The ships of the Nevada class were 575 ft long at the waterline and 583 ft long overall. They had a beam of 95 ft 2.5 in and a draft of 27 ft 7.6 in at normal displacement and 29 ft 6 in at full load. They displaced 27500 LT as designed and 28400 LT fully laden. The ships had a ram bow and a forecastle deck that extended half of the length of the ship. As built, the ships had a minimal superstructure, consisting of a heavily armored conning tower directly aft of the forward main battery turrets. They were completed with two lattice masts fitted with spotting tops to assist in directing the main battery, a common feature of American capital ships of the period. They had a crew of 55 officers and 809 enlisted men.

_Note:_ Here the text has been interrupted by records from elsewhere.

(* Let $d\ge1$ and $N>0$. For $\rho_z>0$ let $$G_{\rho_z}(r)=1-\frac1N\left(\frac{\rho_z}{r}\right)^{d/2}J_{d/2}(2\pi\rho_z r),\qquad r>0,$$ be the pair correlation function of a step blue noise pattern of $N$ samples in $d$ dimensions with zero region $\rho_z$. Call $\rho_z$ realizable if $G_{\rho_z}(r)\ge0$ for all $r>0$. Then the maximum realizable zero region is $$\rho_z^*=\left(\frac{N\,\Gamma\!\left(1+\frac d2\right)}{\pi^{d/2}}\right)^{1/d},$$ i.e. the inverse of the $d$-th root of the volume of a $d$-dimensional ball of radius $N^{-1/d}$. Equivalently, the minimum number of samples needed to realize a step blue noise pattern with zero region $\rho_z$ is $N=\pi^{d/2}\rho_z^d/\Gamma(1+d/2)$.
   Context: A step blue noise pattern with zero region $\rho_z$ is a sampling pattern whose radial power spectrum is $0$ for frequencies $\rho\le\rho_z$ and $1$ for $\rho>\rho_z$ (so its power spectrum is automatically nonnegative); its pair correlation function is the $G_{\rho_z}$ given in the claim. $J_{d/2}$ denotes the Bessel function of the first kind of order $d/2$ and $\Gamma$ the gamma function. Realizability of a sampling pattern requires nonnegativity of its power spectrum and of its pair correlation function. *)

From Stdlib Require Import Reals Factorial.
From Coquelicot Require Import Coquelicot.
Open Scope R_scope.

Definition Gamma (s : R) : R :=
  RInt_gen (fun t => Rpower t (s - 1) * exp (- t)) (at_right 0) (Rbar_locally p_infty).

Definition BesselJ (nu x : R) : R :=
  Series (fun m : nat =>
    (-1) ^ m / (INR (fact m) * Gamma (INR m + nu + 1)) * Rpower (x / 2) (2 * INR m + nu)).

Definition G_step (d : nat) (N rho_z r : R) : R :=
  1 - / N * Rpower (rho_z / r) (INR d / 2) * BesselJ (INR d / 2) (2 * PI * rho_z * r).

Definition realizable (d : nat) (N rho_z : R) : Prop :=
  0 < rho_z /\ forall r : R, 0 < r -> 0 <= G_step d N rho_z r.

Definition rho_star (d : nat) (N : R) : R :=
  Rpower (N * Gamma (1 + INR d / 2) / Rpower PI (INR d / 2)) (/ INR d).

Definition N_min (d : nat) (rho_z : R) : R :=
  Rpower PI (INR d / 2) * rho_z ^ d / Gamma (1 + INR d / 2).

From Stdlib Require Import Reals Lra Lia Factorial.
From Coquelicot Require Import Coquelicot.
Open Scope R_scope.

(* Write nu = d/2 and h(y) = sum_m (-1)^m y^m / (m! Gamma(m + nu + 1)), so that
   J_nu(x) = (x/2)^nu h((x/2)^2) and
     G_{rho_z}(r) = 1 - (N_min(rho_z) / N) * Gamma(1 + nu) h((pi rho_z r)^2),
   with Gamma(1 + nu) h(0) = 1.  The series h solves y h'' + (nu + 1) h' + h = 0, so the
   energy h^2 + y h'^2 has derivative -(2 nu + 1) h'^2 <= 0 on y >= 0; hence h(y) <= h(0)
   there.  Thus G_{rho_z} is bounded below by its limit 1 - N_min(rho_z) / N at r = 0+,
   and rho_z is realizable iff N_min(rho_z) <= N.  Since N_min is increasing in rho_z and
   N_min(rho_star) = N, both claims follow. *)

Lemma filterlim_abs_le_0 {T} (F : (T -> Prop) -> Prop) {FF : Filter F} (f g : T -> R) :
  F (fun x => Rabs (f x) <= g x) -> filterlim g F (locally 0) ->
  filterlim f F (locally 0).
Proof.
  intros Hfg Hg.
  apply (filterlim_le_le (fun x => - g x) f g 0).
  - apply (filter_imp (fun x => Rabs (f x) <= g x)); auto.
    intros x Hx. pose proof (Rle_abs (f x)). pose proof (Rle_abs (- f x)).
    rewrite Rabs_Ropp in *. lra.
  - rewrite <- Ropp_0. exact (filterlim_comp _ _ _ g Ropp F (locally 0) _ Hg (filterlim_opp 0)).
  - exact Hg.
Qed.
(* Let $H$ be a Hilbert space and let $A$ be a densely defined closed linear operator in $H$ (not necessarily selfadjoint). Let $Q:=AA^*$, $B:=(I+Q)^{-1}$ (a selfadjoint operator with $0\le B\le I$), and let $F$ denote the closure of the operator $(I+Q)^{-1}A$, originally defined on $D(A)$; $F$ is a bounded linear operator defined on all of $H$ with $\|F\|\le \frac12$. Let $N^*:=\{u: A^*u=0\}$. Let $f\in D(A)$, and for $\delta>0$ let $f_\delta\in H$ satisfy $\|f_\delta-f\|\le\delta$. Let $y$ be the unique minimal-norm solution of $By=Ff$. Define the iterates $$v_{n+1}=(I-B)v_n+Ff_\delta,\qquad n=0,1,2,\dots,$$ with an initial element $v_0\perp N^*$. If $n=n(\delta)$ is an integer with $\lim_{\delta\to0}n(\delta)=\infty$ and $\lim_{\delta\to0}[\delta\, n(\delta)]=0$, then, with $v_\delta:=v_{n(\delta)}$, $$\lim_{\delta\to0}\|v_\delta-y\|=0.$$
   Context: $I$ denotes the identity operator on $H$; inequalities $0\le B\le I$ are in the sense of quadratic forms. The relation $v=Af$ is equivalent to $Bv=Ff$, so the theorem gives a stable method of computing the value $Af$ of the unbounded operator $A$ from noisy data $f_\delta$ (which need not lie in $D(A)$). *)

From HB Require Import structures.
From mathcomp Require Import all_boot all_order all_algebra.
From mathcomp Require Import all_classical all_reals all_analysis.
Set Implicit Arguments. Unset Strict Implicit. Unset Printing Implicit Defensive.
Import Order.TTheory GRing.Theory Num.Theory.
Import numFieldNormedType.Exports.
Local Open Scope classical_set_scope.
Local Open Scope ring_scope.

Section Hilbert.
Variables (R : realType) (V : completeNormedModType R).

(* ip is an inner product on V inducing the norm of V, so that (V, ip) is a
   (real) Hilbert space: V is complete for this norm. *)
Definition is_inner_product (ip : V -> V -> R) : Prop :=
  (forall x y, ip x y = ip y x) /\
  (forall (a : R) (x y z : V), ip (a *: x + y) z = a * ip x z + ip y z) /\
  (forall x, ip x x = `|x| ^+ 2).

Definition linear_operator (D : set V) (A : V -> V) : Prop :=
  D 0 /\
  (forall (a : R) x y, D x -> D y -> D (a *: x + y)) /\
  (forall (a : R) x y, D x -> D y -> A (a *: x + y) = a *: A x + A y).

Definition densely_defined (D : set V) : Prop := closure D = setT.

Definition graph (D : set V) (A : V -> V) : set (V * V) :=
  [set p | D p.1 /\ p.2 = A p.1].

Definition closed_operator (D : set V) (A : V -> V) : Prop :=
  closed (graph D A).

Variable ip : V -> V -> R.

Definition adj_rel (D : set V) (A : V -> V) (u w : V) : Prop :=
  forall x, D x -> ip (A x) u = ip x w.
Definition adj_dom (D : set V) (A : V -> V) : set V :=
  [set u | exists w, adj_rel D A u w].
Definition adj (D : set V) (A : V -> V) (u : V) : V :=
  xget 0 [set w | adj_rel D A u w].

Definition Q_dom (D : set V) (A : V -> V) : set V :=
  [set u | adj_dom D A u /\ D (adj D A u)].
Definition Q_op (D : set V) (A : V -> V) (u : V) : V := A (adj D A u).

Definition B_op (D : set V) (A : V -> V) (h : V) : V :=
  xget 0 [set u | Q_dom D A u /\ u + Q_op D A u = h].

Definition op_closure (D : set V) (T : V -> V) (h : V) : V :=
  xget 0 [set w | closure (graph D T) (h, w)].

Definition F_op (D : set V) (A : V -> V) : V -> V :=
  op_closure D (fun x => B_op D A (A x)).

Definition Nstar (D : set V) (A : V -> V) : set V :=
  [set u | adj_dom D A u /\ adj D A u = 0].

Definition iterates (D : set V) (A : V -> V) (v0 g : V) (k : nat) : V :=
  iter k (fun v => v - B_op D A v + F_op D A g) v0.

End Hilbert.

Since the Board expected turbines to achieve greater efficiency, Nevada was equipped with a pair of direct-drive Curtis steam turbines, with steam provided by twelve oil-fired Yarrow water-tube boilers. Nevada was the first US capital ship to use reduction geared cruising turbines, which could be clutched into the high-pressure turbines to improve fuel economy at low speeds. Geared turbines were fitted in most subsequent US battleships, except those with turbo-electric propulsion. Oklahoma, meanwhile, received two vertical triple-expansion engines and twelve oil-fired Babcock & Wilcox boilers. Oklahomas reciprocating engines were prone to excessive vibration, prompting the Navy to consider converting her to double-acting, two-stroke diesel engines in 1925, but the great weight of diesels at the time led to the idea being abandoned. Both ships' boilers were ducted into a single funnel located amidships.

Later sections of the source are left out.